We compared two potential constructions of both the baseline and the genetic models: non-linear ML (allowing for data-driven incorporation of interactions), and linear regression (without modeling interactions). We divided the dataset such that 70% of the data was used as training data and 30% of the data was held out as a validation set. First, we trained the baseline model using covariates only, including age, sex, self-reported race/ethnicity, BMI, and study. The genetic model was trained on the same set of features as in the baseline model, other than study, which is dataset-specific, and it also included genetic components, i.e., PRSs, where we used the global PRSs described above, the local PRSs in secondary analysis (described later). The genetic model was trained to predict the residuals from the baseline model.

Model development using multiple PRSs

In primary analysis, we studied the use of multiple PRSs in the genetic model via multiple models of increased complexity (in the sense that they include higher number of PRSs). We refer to these models as Level 1, Level 2 and Level 3 with Level X being shorthand for Model complexity levels (Fig. 1c). Note that all genetic models included the same non-genetic covariates as described above, and they only differed by the inclusion of additional PRSs. Level 1 of the genetic model included a single PRS developed from the UKBB + ICBP GWAS summary statistics using the p-value threshold 10^–2. Level 2 included 7 PRSs, all from the UKBB + ICBP GWAS, and based on all considered p-value threshold: 5 × 10^–8, 10^–7, 10^–6,…, 10^–2. Level 3 included PRSs constructed based on all considered GWAS (UKBB + ICBP, MVP, and BBJ) GWASs and using all p-value thresholds, i.e., it included 21 PRSs. Level 1 models included only a single PRS based on the 10^–2 p-value threshold because we expected this PRS to have the best performance based on past work studying BP PRSs¹³. In secondary analysis, we also evaluated model performance, based on the training dataset only, when using each of the other UKBB + ICBP based PRSs (i.e. based on each of the 7 thresholds). The models were fit using the combined, multi-ethnic dataset, with training dataset cross-validation performance reported on the combined group and stratified by self-reported race/ethnicity. The goal was to assess whether the same or different thresholds are useful across groups, and thus whether multi-PRS models are useful because they potentially allow for different utilization of PRSs across individuals (i.e. due to interactions).

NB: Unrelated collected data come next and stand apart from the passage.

(* Let $\alpha,\beta$ be real (or complex) parameters and let $n,k$ be non-negative integers. Let $\Omega_{n,k}$ be the set of all partitions of $\{1,\ldots,n\}$ into $k$ non-empty blocks, the blocks being unordered among themselves but each block being arranged as a linear list (sequence). For $\varepsilon\in\Omega_{n,k}$ define its weight $w(\varepsilon)$ as the product over all elements $e\in\{1,\ldots,n\}$ of the weight of $e$, where an element $e$ has weight $1$ if $e$ is the smallest element of its list, weight $\beta$ if $e$ is not the smallest element of its list but appears in the list before every element of its list that is smaller than $e$, and weight $\alpha$ otherwise. (Equivalently, the lists are built by inserting $1,2,\ldots,n$ one at a time: starting a new list costs $1$, inserting at the head of an existing list costs $\beta$, inserting immediately after an already placed element costs $\alpha$.) Then $$\genfrac{\lfloor}{\rfloor}{0pt}{}{n}{k}^{\alpha,\beta}=\sum_{\varepsilon\in\Omega_{n,k}} w(\varepsilon).$$
   Context: For parameters $\alpha,\beta$, the generalized Stirling (Lah-type) numbers $\genfrac{\lfloor}{\rfloor}{0pt}{}{n}{k}^{\alpha,\beta}$, $0\le k\le n$, are defined by the polynomial identity in $x$ $$x(x+\alpha)(x+2\alpha)\cdots(x+(n-1)\alpha)=\sum_{k=0}^{n}\genfrac{\lfloor}{\rfloor}{0pt}{}{n}{k}^{\alpha,\beta}\,x(x-\beta)(x-2\beta)\cdots(x-(k-1)\beta),$$ (empty products equal $1$), and $\genfrac{\lfloor}{\rfloor}{0pt}{}{n}{k}^{\alpha,\beta}=0$ for $k<0$ or $k>n$. In particular $\genfrac{\lfloor}{\rfloor}{0pt}{}{0}{0}^{\alpha,\beta}=1$ and $\genfrac{\lfloor}{\rfloor}{0pt}{}{n}{0}^{\alpha,\beta}=0$ for $n\ge1$. *)

From HB Require Import structures.
From mathcomp Require Import all_boot all_order all_algebra.
Set Implicit Arguments. Unset Strict Implicit. Unset Printing Implicit Defensive.
Import Order.TTheory GRing.Theory Num.Theory.
Local Open Scope ring_scope.
Theorem proposition5 (m : nat) (B : {set {set 'I_(2 * m).-1}})
  (alpha delta : nat) (i j k l : 'I_(2 * m).-1) :
  (2 <= m)%N ->
  is_blocker B ->
  #|B| = m ->
  (* one edge of B per direction of the boundary edges [t,t+1], t < m *)
  (forall t, (t < m)%N ->
     exists e, [/\ e \in B, direction e = (2 * t + 1) %% (2 * m).-1 &
       forall f, f \in B -> direction f = (2 * t + 1) %% (2 * m).-1 -> f = e]) ->
  (* [alpha, alpha+1] is the first edge of <0,1,...,m> in B *)
  (alpha < m)%N -> has_edge B alpha alpha.+1 ->
  (forall t, (t < alpha)%N -> ~~ has_edge B t t.+1) ->
  (* [m-delta-1, m-delta] is the last edge of <0,1,...,m> in B *)
  (delta < m)%N -> has_edge B (m - delta).-1 (m - delta) ->
  (forall t, (m - delta <= t < m)%N -> ~~ has_edge B t t.+1) ->
  [set i; j] \in B -> [set k; l] \in B ->
  (alpha < i < k)%N -> (k < m - delta)%N ->
  ~~ (alpha <= j <= m - delta)%N -> ~~ (alpha <= l <= m - delta)%N ->
  (* (1) i, k, l, j appear in this (clockwise) order on the boundary *)
  (0 < cw_offset (2 * m).-1 i k < cw_offset (2 * m).-1 i l)%N /\
  (cw_offset (2 * m).-1 i l < cw_offset (2 * m).-1 i j)%N /\
  (* (2) *)
  (k - i < vdist (2 * m).-1 l j)%N.
Proof.
move=> m_ge2 [_ [B_meets _]] cardB dirs _ alpha_edge before _ _ after ijB klB
  /andP[ai ik] kb jout lout.
have N_def : ((2 * m).-1).+1 = 2 * m by lia.
have N_gt0 : 0 < (2 * m).-1 by lia.
have B_dirs := blocker_dirs N_def cardB dirs.
have B_odd e : e \in B -> odd_dir (2 * m).-1 (direction e).
  by case/B_dirs=> t tm ->; rewrite odd_dir_mod (odd_dir_boundary _ N_def) modn_small //; lia.
have B_uniq e f : e \in B -> f \in B -> direction e = direction f -> e = f.
  move=> eB fB ef; have [t tm et] := B_dirs e eB; have [g [_ _ g_uniq]] := dirs t tm.
  by rewrite (g_uniq e eB et) (g_uniq f fB) -?ef.
have bN : m - delta < (2 * m).-1 by lia.
have [j' jr jE] := unwrap_outside N_gt0 bN jout.
have [l' lr lE] := unwrap_outside N_gt0 bN lout.
have ijB' : seg N_gt0 i j' \in B by rewrite /seg vertex_ord jE.
have klB' : seg N_gt0 k l' \in B by rewrite /seg vertex_ord lE.
have sums : k + l' < i + j'.
  by apply: (inner_chords_sum_lt N_def m_ge2 B_meets B_odd B_uniq _ _ alpha_edge before after
    ai _ jr lr ijB' klB'); lia.
have ikb : i < k < m - delta by rewrite ik.
have [cw_k cw_lj dist_lj] := clockwise_order_of_sums ai ikb (ltn_ord k) jr lr sums.
by rewrite -jE -lE; split; [|split].
Qed.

Secondary analysis using local PRSs

We considered using local PRSs instead of global PRSs because they may result in more interpretable models, i.e., where one could hopefully explain why different genomic regions may have different potential contributions to the BP model. Due to the large number of PRSs when computed over all LD-regions, potentially resulting in model overfitting, we augmented the ensemble model approach with a variable selection step. Here, we applied LASSO regression from the python library scikit-learn⁶² version 0.24.2 using, as before, cross-validation for tuning parameter selection, on a linear model predicting the residuals from the baseline model using all constructed local PRSs. We next use the selected PRSs in the genetic model (see Fig. 4a for visualization of the Ensemble model with integrated LASSO step). We evaluated this model performance on the test dataset, and also, for comparison, of the model that uses only the LASSO (without the following non-linear XGBoost ML genetic model).

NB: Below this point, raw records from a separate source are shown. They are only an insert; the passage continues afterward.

(* (w_1, ..., w_r) = (w 0, ..., w (r-1)) is a tower of prefixes between K and L
   of height r (r >= 1). *)
Definition tower (T : eqType) (K L : seq T -> Prop) (w : nat -> seq T) (r : nat)
  : Prop :=
  0 < r /\ (K (w 0) \/ L (w 0)) /\
  forall i, i.+1 < r ->
    [/\ prefix (w i) (w i.+1),
        K (w i) -> L (w i.+1) &
        L (w i) -> K (w i.+1)].

Definition inf_tower (T : eqType) (K L : seq T -> Prop) (w : nat -> seq T) : Prop :=
  (K (w 0) \/ L (w 0)) /\
  forall i,
    [/\ prefix (w i) (w i.+1),
        K (w i) -> L (w i.+1) &
        L (w i) -> K (w i.+1)].

From mathcomp Require Import all_boot zify.
Set Implicit Arguments. Unset Strict Implicit. Unset Printing Implicit Defensive.

(* Upper bound: if two positions i < j of a tower reach the same pair of state
   sets in A and B, pumping the factor of w_j after w_i produces an infinite
   tower.  Without infinite towers the pairs along a tower are therefore
   pairwise distinct; moreover L(A) and L(B) are disjoint (a common word is a
   constant infinite tower), so each pair is accepting for exactly one of the
   automata.  As soon as an automaton has a final state, at least half of its
   state sets are accepting, which leaves at most 2^(m+n-1) such pairs.

   Lower bound: B counts down in binary on n states, A accepts the words
   ending in the letter 0.  Acceptance by B and by A exclude each other, so
   each step of a tower strictly decreases the counter; decrementing it by one
   at a time yields a tower of height 2^n with m = 2. *)

Lemma divn_modn_succ k p : 0 < p ->
  (k.+1 %/ p, k.+1 %% p) =
  if (k %% p).+1 == p then ((k %/ p).+1, 0) else (k %/ p, (k %% p).+1).
Proof.
move=> p_gt0; have eqk : k.+1 = k %/ p * p + (k %% p).+1.
  by rewrite {1}(divn_eq k p) addnS.
have := ltn_pmod k p_gt0; rewrite leq_eqVlt eq_sym.
case: eqP => [e _ | _ /= lt]; rewrite eqk.
  by rewrite -e -mulSnr mulnK // modnMl.
by rewrite divnMDl // modnMDl (divn_small lt) (modn_small lt) addn0.
Qed.

Lemma flatten_nseqS (T : Type) (u : seq T) t :
  flatten (nseq t.+1 u) = flatten (nseq t u) ++ u.
Proof. by rewrite -addn1 nseqD flatten_cat /= cats0. Qed.

Lemma foldl_flatten_nseq (S T : Type) (f : S -> T -> S) (s : S) (u : seq T) t :
  foldl f s u = s -> foldl f s (flatten (nseq t u)) = s.
Proof. by move=> fu; elim: t => //= t IH; rewrite foldl_cat fu. Qed.

Lemma prefix_cat2l (T : eqType) (s x y : seq T) :
  prefix (s ++ x) (s ++ y) = prefix x y.
Proof. by rewrite prefix_catr // eqxx. Qed.

Lemma sum_exp2 j : (\sum_(i < j) 2 ^ i).+1 = 2 ^ j.
Proof. by rewrite -[\sum_(i < j) _]mul1n -(predn_exp 2 j) prednK ?expn_gt0. Qed.

Section NfaReach.
Variables (Sigma : finType) (X : nfa Sigma).

Lemma nfa_reach_cat x y :
  nfa_reach X (x ++ y) = foldl (@nfa_step Sigma X) (nfa_reach X x) y.
Proof. by rewrite /nfa_reach foldl_cat. Qed.

Lemma nfa_lang_reach x y : nfa_reach X x = nfa_reach X y -> nfa_lang X x = nfa_lang X y.
Proof. by rewrite /nfa_lang => ->. Qed.

Lemma nfa_reach_pump x u y t : nfa_reach X (x ++ u) = nfa_reach X x ->
  nfa_reach X (x ++ flatten (nseq t u) ++ y) = nfa_reach X (x ++ y).
Proof.
rewrite catA !nfa_reach_cat => xu.
by rewrite (@foldl_flatten_nseq _ _ _ _ u) // -nfa_reach_cat.
Qed.

Lemma nfa_lang_final0 x : nfa_final X = set0 -> ~ nfa_lang X x.
Proof. by move=> F0 /existsP [q /andP [_]]; rewrite F0 inE. Qed.

End NfaReach.

Section Towers.
Variables (T : eqType) (K L : seq T -> Prop).

Lemma inf_tower_const x : K x -> L x -> inf_tower K L (fun=> x).
Proof. by move=> Kx Lx; split=> [|i]; [left | split=> //; apply: prefix_refl]. Qed.

Lemma tower_height_le1 w r :
  (forall x, ~ K x) \/ (forall x, ~ L x) -> tower K L w r -> r <= 1.
Proof.
move=> empty [_ [mem0 step]]; rewrite leqNgt; apply/negP => /step [_ KL LK].
by case: empty => e; case: mem0 => [Kw | Lw];
  [exact: e Kw | exact: e (LK Lw) | exact: e (KL Kw) | exact: e Lw].
Qed.

Lemma inf_tower_tower w r : inf_tower K L w -> tower K L w r.+1.
Proof. by case=> mem0 step; do 2!split=> //; move=> i _; apply: step. Qed.

Variables (w : nat -> seq T) (r : nat).
Hypothesis tw : tower K L w r.

Lemma tower_mem i : i < r -> K (w i) \/ L (w i).
Proof.
case: tw => _ [mem0 step]; elim: i => // i IH lt_ir.
have [_ KL LK] := step i lt_ir.
by case: (IH (ltnW lt_ir)) => [/KL h | /LK h]; [right | left].
Qed.

Lemma tower_prefix i j : i <= j -> j < r -> prefix (w i) (w j).
Proof.
case: tw => _ [_ step]; elim: j => [|j IH].
  by rewrite leqn0 => /eqP -> _; apply: prefix_refl.
rewrite leq_eqVlt => /orP [/eqP -> _ | le_ij lt_jr]; first exact: prefix_refl.
by apply: prefix_trans (IH le_ij (ltnW lt_jr)) _; case: (step j lt_jr).
Qed.

End Towers.

Section Pumping.
Variables (Sigma : finType) (A B : nfa Sigma) (w : nat -> seq Sigma) (r : nat).
Hypothesis tw : tower (nfa_lang A) (nfa_lang B) w r.
Variables i j : nat.
Hypotheses (lt_ij : i < j) (lt_jr : j < r).
Hypotheses (eqA : nfa_reach A (w i) = nfa_reach A (w j))
           (eqB : nfa_reach B (w i) = nfa_reach B (w j)).

(* The k-th word of the infinite tower is
   w i ++ (v p)^(k / p) ++ v (k mod p): it reaches the same state sets as
   w (i + k mod p), so it inherits the alternation of the original tower. *)
Let p := j - i.
Let v s := drop (size (w i)) (w (i + s)).
Let pumped k := w i ++ flatten (nseq (k %/ p) (v p)) ++ v (k %% p).

Let p_gt0 : 0 < p. Proof. by rewrite subn_gt0. Qed.
Let i_add_p : i + p = j. Proof. by rewrite subnKC // ltnW. Qed.

Let w_split s : s <= p -> w (i + s) = w i ++ v s.
Proof.
move=> le_sp; rewrite /v; have /prefixP [z ->] : prefix (w i) (w (i + s)).
  apply: (tower_prefix tw (leq_addr _ _)).
  by apply: leq_ltn_trans lt_jr; rewrite -i_add_p leq_add2l.
by rewrite drop_size_cat.
Qed.

Let prefix_v_succ s : s < p -> prefix (v s) (v s.+1).
Proof.
move=> lt_sp; rewrite -(prefix_cat2l (w i)) -!w_split ?(ltnW lt_sp) // addnS.
apply: (tower_prefix tw (leqnSn _)); rewrite /p in lt_sp; lia.
Qed.

Let prefix_v_loop s : s <= p -> prefix (v s) (v p).
Proof.
move=> le_sp; have le_j : i + s <= j by rewrite -i_add_p leq_add2l.
by have := tower_prefix tw le_j lt_jr; rewrite -i_add_p !w_split // prefix_cat2l.
Qed.

Let reach_pumped (X : nfa Sigma) : nfa_reach X (w i) = nfa_reach X (w j) ->
  forall k, nfa_reach X (pumped k) = nfa_reach X (w (i + k %% p)).
Proof.
move=> eqX k; rewrite /pumped nfa_reach_pump; first by rewrite w_split // ltnW ?ltn_pmod.
by rewrite -w_split // i_add_p eqX.
Qed.

Let reach_pumped_succ (X : nfa Sigma) : nfa_reach X (w i) = nfa_reach X (w j) ->
  forall k, nfa_reach X (pumped k.+1) = nfa_reach X (w (i + k %% p).+1).
Proof.
move=> eqX k; rewrite reach_pumped //.
have := divn_modn_succ k p_gt0; case: eqP => [e [_ ->] | _ [_ ->]].
  by rewrite addn0 -addnS e i_add_p eqX.
by rewrite addnS.
Qed.

Let prefix_pumped k : prefix (pumped k) (pumped k.+1).
Proof.
have lt_kp := ltn_pmod k p_gt0.
rewrite /pumped; have := divn_modn_succ k p_gt0.
case: eqP => [_ [-> ->] | _ [-> ->]]; rewrite !prefix_cat2l; last exact: prefix_v_succ.
have -> : v 0 = [::] by rewrite /v addn0 drop_size.
by rewrite cats0 flatten_nseqS prefix_cat2l prefix_v_loop // ltnW.
Qed.

Lemma tower_loop_inf_tower : exists w', inf_tower (nfa_lang A) (nfa_lang B) w'.
Proof.
exists pumped; split.
  rewrite (nfa_lang_reach (reach_pumped eqA 0)) (nfa_lang_reach (reach_pumped eqB 0)).
  by rewrite mod0n addn0; exact (tower_mem tw (ltn_trans lt_ij lt_jr)).
move=> k; have lt_succ : (i + k %% p).+1 < r.
  by have := ltn_pmod k p_gt0; rewrite /p; lia.
case: tw => _ [_ /(_ _ lt_succ) [_ AB BA]]; split; first exact: prefix_pumped.
  rewrite (nfa_lang_reach (reach_pumped eqA k)).
  by rewrite (nfa_lang_reach (reach_pumped_succ eqB k)).
rewrite (nfa_lang_reach (reach_pumped eqB k)).
by rewrite (nfa_lang_reach (reach_pumped_succ eqA k)).
Qed.

End Pumping.

Lemma card_sets (T : finType) : #|{set T}| = 2 ^ #|T|.
Proof. by rewrite -[LHS]cardsT -powersetT card_powerset cardsT. Qed.

Lemma card_sets_mem (T : finType) (q : T) :
  (#|[set S : {set T} | q \in S]|).*2 = 2 ^ #|T|.
Proof.
pose toggle (S : {set T}) := if q \in S then S :\ q else q |: S.
have toggleK : involutive toggle.
  move=> S; rewrite /toggle; case qS: (q \in S).
    by rewrite setD11 setD1K.
  by rewrite setU11 setU1K // qS.
have toggle_mem :
    toggle @^-1: [set S : {set T} | q \in S] = ~: [set S : {set T} | q \in S].
  by apply/setP => S; rewrite !inE /toggle; case: (q \in S); rewrite !inE eqxx.
rewrite -addnn -{2}(card_preimset _ (inv_inj toggleK)) toggle_mem cardsC.
exact: card_sets.
Qed.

Assessment of computational needs

We assessed computational runtime and memory (RAM) usage of the non-linear ML models in comparison with the linear regression models using python timeit and memit modules. These were measured on a 13-inch 2020 MacBook Pro machine, with the Apple M1-chip, macOS Sonoma version 14.4.1, 16 Gb of RAM and 8 vCPUs. As the non-linear ML models require tuning parameters fitting, we measured their runtime and memory over the fivefold cross validation process. We also measured the runtime and memory for applying the various models for prediction over the test dataset. We performed each computing task 10 times and provide the average runtime and RAM measures, other than for local PRS models, which took longer time, and we therefore fit them once for this assessment. We performed this analysis only using SBP models, that used a slightly larger sample size compared to DBP.

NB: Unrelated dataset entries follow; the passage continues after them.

Lemma ln_ge_of_pow_le (R : realType) (M P : R) k :
  1 <= M -> M^-1 ^+ k / 4 <= P -> - (k%:R * ln M + ln 4) <= ln P.
Proof.
move=> M_ge1 P_ge; have M_gt0 : 0 < M by lra.
have lb_gt0 : 0 < M^-1 ^+ k / 4 by rewrite divr_gt0 // exprn_gt0 // invr_gt0.
have P_gt0 : 0 < P := lt_le_trans lb_gt0 P_ge.
move: P_ge; rewrite -ler_ln ?posrE //.
rewrite lnM ?posrE ?exprn_gt0 ?invr_gt0 // lnXn ?invr_gt0 // !lnV ?posrE //.
by rewrite mulNrn -mulr_natl; lra.
Qed.

Lemma prefix_cost_le (R : rcfType) (K L lm q : R) :
  2 <= K -> 0 <= L -> 0 <= lm <= 2 * L -> 0 <= q -> (K - 2) ^+ 2 * q <= 18 ->
  K * lm * q <= Num.sqrt (72 * (L ^+ 2 * q)) + 4 * (L ^+ 2 * q + q).
Proof.
move=> K_ge2 L_ge0 /andP[lm_ge0 lm_le] q_ge0 Kq_le.
pose a := (K - 2) * (2 * L) * q.
have a_le : a <= Num.sqrt (72 * (L ^+ 2 * q)).
  have a_ge0 : 0 <= a by rewrite /a !mulr_ge0 //; lra.
  have L2q_ge0 : 0 <= L ^+ 2 * q by rewrite mulr_ge0 // sqr_ge0.
  rewrite -(ger0_norm a_ge0) -sqrtr_sqr ler_sqrt; last by rewrite mulr_ge0.
  have -> : a ^+ 2 = 4 * (L ^+ 2 * q) * ((K - 2) ^+ 2 * q) by rewrite /a; ring.
  have := ler_wpM2l (mulr_ge0 (ler0n _ 4) L2q_ge0) Kq_le; lra.
have lm_part : (K - 2) * lm * q <= a by rewrite ler_wpM2r // ler_wpM2l //; lra.
have L_part : L * q <= L ^+ 2 * q + q.
  by rewrite -[X in _ + X]mul1r -mulrDl ler_wpM2r //; nra.
have two_part : 2 * lm * q <= 4 * (L * q) by have := ler_wpM2r q_ge0 lm_le; lra.
have -> : K * lm * q = (K - 2) * lm * q + 2 * lm * q by ring.
lra.
Qed.

Definition rate_bound (R : realType) (q U : R) : R :=
  Num.sqrt (72 * U) + 4 * (U + q) + ln 4 * q.

Lemma rate_bound_cvg0 (R : realType) (q U : nat -> R) :
  q @ \oo --> 0 -> U @ \oo --> 0 -> (fun m => rate_bound (q m) (U m)) @ \oo --> 0.
Proof.
move=> q_cvg0 U_cvg0.
have -> : 0 = rate_bound 0 (0 : R) by rewrite /rate_bound !(mulr0, addr0) sqrtr0.
rewrite /rate_bound; apply: cvgD; [apply: cvgD|exact: cvgMl_tmp].
  by apply: continuous_cvg => //; [exact: sqrt_continuous | exact: cvgMl_tmp].
by apply: cvgMl_tmp; exact: cvgD.
Qed.

Lemma Pe_phiF_bounds (R : realType) (eps cbar : R) (n : nat -> nat) m :
  (72 <= m)%N -> (m < n m ^ 2)%N -> eps <= 2 -> 3 <= cbar ->
  exists k, [/\ (2 <= k)%N, ((k - 2) ^ 2 * m < 18 * n m ^ 2)%N,
    m%:R^-1 ^+ k / 4 <= Pe eps cbar (@phiF R n n) m & Pe eps cbar (@phiF R n n) m <= 1].
Proof.
move=> m_ge72 m_lt eps_le2 cbar_ge3.
have n_ge2 : (2 <= n m)%N by nia.
have m_gt1 : (1 < m)%N by lia.
have [k [k_ge2 k_le_n k_large k_small]] := choose_prefix_length m_ge72 n_ge2.
have k_large_R : 6 * (n m)%:R ^+ 2 * (3 / m%:R) <= (k * (k - 1))%:R :> R.
  rewrite mulrA ler_pdivrMr ?ltr0n; last lia.
  rewrite -[6]/(6%:R) -[3]/(3%:R) -!natrX -!natrM ler_nat; nia.
exists k; split => //; first exact: Pe_phiF_ge m_gt1 eps_le2 cbar_ge3 (ltnW n_ge2) k_le_n k_large_R.
have [pi [mu [s0 [adm _ _ _]]]] := split_uniform_pair (R := R) m_gt1 eps_le2 cbar_ge3.
by apply: Pe_le1; exists pi, mu.
Qed.

Lemma log_err_rate_phiF_bounds (R : realType) (eps cbar : R) (n : nat -> nat) m :
  (72 <= m)%N -> (m < n m ^ 2)%N -> eps <= 2 -> 3 <= cbar ->
  let q : R := m%:R / (n m)%:R ^+ 2 in
  let U : R := m%:R * ln ((n m)%:R : R) ^+ 2 / (n m)%:R ^+ 2 in
  let u := log_err_rate eps cbar (@phiF R n n) m in
  u \is a fin_num /\ - rate_bound q U <= fine u <= 0.
Proof.
move=> m_ge72 m_lt eps_le2 cbar_ge3 q U u.
have [k [k_ge2 k_small P_ge P_le1]] := Pe_phiF_bounds m_ge72 m_lt eps_le2 cbar_ge3.
set P := Pe eps cbar (@phiF R n n) m in P_ge P_le1 *.
have m_ge1 : 1 <= m%:R :> R by rewrite ler1n; lia.
have n_gt0 : 0 < (n m)%:R :> R by rewrite ltr0n; nia.
have q_ge0 : 0 <= q by rewrite divr_ge0 // ltW // exprn_gt0.
have P_gt0 : 0 < P by apply: lt_le_trans P_ge; rewrite divr_gt0 // exprn_gt0 // invr_gt0; lra.
have -> : u = (ln P * q)%:E.
  by rewrite /u /log_err_rate -/P P_gt0 /rate mulnn minnn natrX invf_div.
split => //=; apply/andP; split; last by rewrite mulr_le0_ge0 // ln_le0.
have ln_m_le : 0 <= ln (m%:R : R) <= 2 * ln ((n m)%:R : R).
  rewrite ln_ge0 //= -[2]/(2%:R) mulr_natl -lnXn //.
  have : (m%:R : R) <= (n m ^ 2)%:R by rewrite ler_nat ltnW.
  by rewrite natrX ler_ln ?posrE ?exprn_gt0; lra.
have k_small_R : (k%:R - 2) ^+ 2 * q <= 18.
  rewrite /q mulrA ler_pdivrMr ?exprn_gt0 // -[2]/(2%:R) -natrB //.
  by rewrite -[18]/(18%:R) -!natrX -!natrM ler_nat ltnW.
have k_ge2_R : 2 <= k%:R :> R by rewrite -[2]/(2%:R) ler_nat.
have ln_n_ge0 : 0 <= ln ((n m)%:R : R) by rewrite ln_ge0 // ler1n -(ltr0n R).
have := prefix_cost_le k_ge2_R ln_n_ge0 ln_m_le q_ge0 k_small_R.
have := ler_wpM2r q_ge0 (ln_ge_of_pow_le m_ge1 P_ge).
have -> : U = ln ((n m)%:R : R) ^+ 2 * q by rewrite /U /q; ring.
rewrite /rate_bound; lra.
Qed.

Theorem theorem4 (R : realType) (n : nat -> nat) :
  (forall m, (0 < n m)%N) ->
  (fun m => (n m)%:R / m%:R : R^o) @ \oo --> 0%R ->
  (fun m => m%:R / (n m)%:R ^+ 2 : R^o) @ \oo --> 0%R ->
  (fun m => m%:R * (ln ((n m)%:R : R)) ^+ 2 / (n m)%:R ^+ 2 : R^o) @ \oo --> 0%R ->
  forall eps : R, 0 < eps < 2 ->
  exists c0 : R, forall cbar : R, c0 <= cbar ->
    J eps cbar (@phiF R n n) = 0%E.
Proof.
move=> n_gt0 _ q_cvg0 U_cvg0 eps /andP[_ eps_lt2]; exists 3 => cbar cbar_ge3.
set u := log_err_rate eps cbar (@phiF R n n).
suff u_cvg0 : u @ \oo --> 0%E by rewrite /J (cvg_limn_einf_sup u_cvg0).2 oppe0.
have m_large : \forall m \near \oo, (72 <= m)%N /\ (m < n m ^ 2)%N.
  near=> m; split; first by near: m; exact: nbhs_infty_ge.
  have : m%:R / (n m)%:R ^+ 2 < 1 :> R by near: m; exact: (cvgr_lt 0%R q_cvg0).
  by rewrite ltr_pdivrMr ?exprn_gt0 ?ltr0n // mul1r -natrX ltr_nat.
pose b m := rate_bound (m%:R / (n m)%:R ^+ 2)
                       (m%:R * ln ((n m)%:R : R) ^+ 2 / (n m)%:R ^+ 2).
have u_bounds : \forall m \near \oo, u m \is a fin_num /\ - b m <= fine (u m) <= 0.
  near=> m; have [m_ge72 m_lt] : (72 <= m)%N /\ (m < n m ^ 2)%N by near: m.
  exact: log_err_rate_phiF_bounds m_ge72 m_lt (ltW eps_lt2) cbar_ge3.
apply: cvg_EFin; first by apply: filterS u_bounds => m [].
apply: (@squeeze_cvgr _ _ _ _ (fun m => - b m) (fun=> 0)); last exact: cvg_cst.
  by apply: filterS u_bounds => m [].
by rewrite -oppr0; apply: cvgN; exact: rate_bound_cvg0.
Unshelve. all: by end_near.
Qed.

Model performance evaluation

Models’ performance was assessed on the test dataset (30% of the TOPMed dataset of unrelated individuals). We report two performance measures: percent variance explained (PVE) at both the residual (of the baseline model) and at the phenotypic (original BP phenotypes) level. To explain how each is computed we introduce some notation. Including, we distinguish between the predicted values of the baseline model, the genetic model, and the combined ensemble, and between the residuals of the baseline and the genetic models.

Let ${M}_{b}$ and ${M}_{g}$ denote a baseline and a genetic model, ${{\varvec{x}}}_{{\varvec{b}}}$ and ${{\varvec{x}}}_{{\varvec{g}}}$ the sets of covariates used by ${M}_{b}$, and ${M}_{g}$ respectively, and ${\varvec{g}}$ the set of PRSs used by ${M}_{g}$. Let $y$ denote a BP outcome. A trained model ${M}_{b}$ uses ${{\varvec{x}}}_{{\varvec{b}}}$ to predict $y$, as:

$${M}_{b}\left({{\varvec{x}}}_{{\varvec{b}}}\right)={\widehat{y}}_{b}.$$

(1)

With ${\widehat{y}}_{b}$ being the prediction of ${M}_{b}$ applied on ${{\varvec{x}}}_{{\varvec{b}}}$. The residuals of model ${M}_{b}$ are obtained as the difference between the observed and the predicted BP value, and are denoted by ${r}_{b}$:

$${r}_{b}=y-{\widehat{y}}_{b}.$$

(2)

The genetic model is trained to predict ${r}_{b}$ using ${{\varvec{x}}}_{{\varvec{g}}}$ and PRSs ${\varvec{g}}$. Thus

$${M}_{g}\left({{\varvec{x}}}_{{\varvec{g}}},\boldsymbol{ }{\varvec{g}}\right) ={\widehat{r}}_{b}.$$

(3)

The residuals of ${M}_{g}$ are given as the difference between the value it attempts to predict and its prediction:

$${r}_{g}={r}_{b}-{\widehat{r}}_{b}.$$

(4)

Noting based on Eqs. (2) and (4) that the observed BP measure $y$ can be decomposed as:

$$y={\widehat{y}}_{b}+{r}_{b}={\widehat{y}}_{b}+{\widehat{r}}_{b}+{r}_{g}.$$

(5)

We denote the prediction BP based on the ensemble model ${M}_{e}$ by ${\widehat{y}}_{ensemble}$ with:

$${\widehat{y}}_{ensemble}={\widehat{y}}_{b}+{\widehat{r}}_{b}.$$

(6)

With the residuals ${r}_{g}$ of the genetic models being also the residuals of the ensemble model. For a given outcome $out$ the PVE by the predicted outcome $\widehat{out}$ is defined as the percent reduction in the variance of $out$ when accounting for $\widehat{out}$, using this formula:

$$PVE\left(out, \widehat{out}\right)=\left(1-\frac{var\left(out\right)-var\left(\widehat{out}\right)}{var\left(out\right)}\right)\times 100\%.$$

(7)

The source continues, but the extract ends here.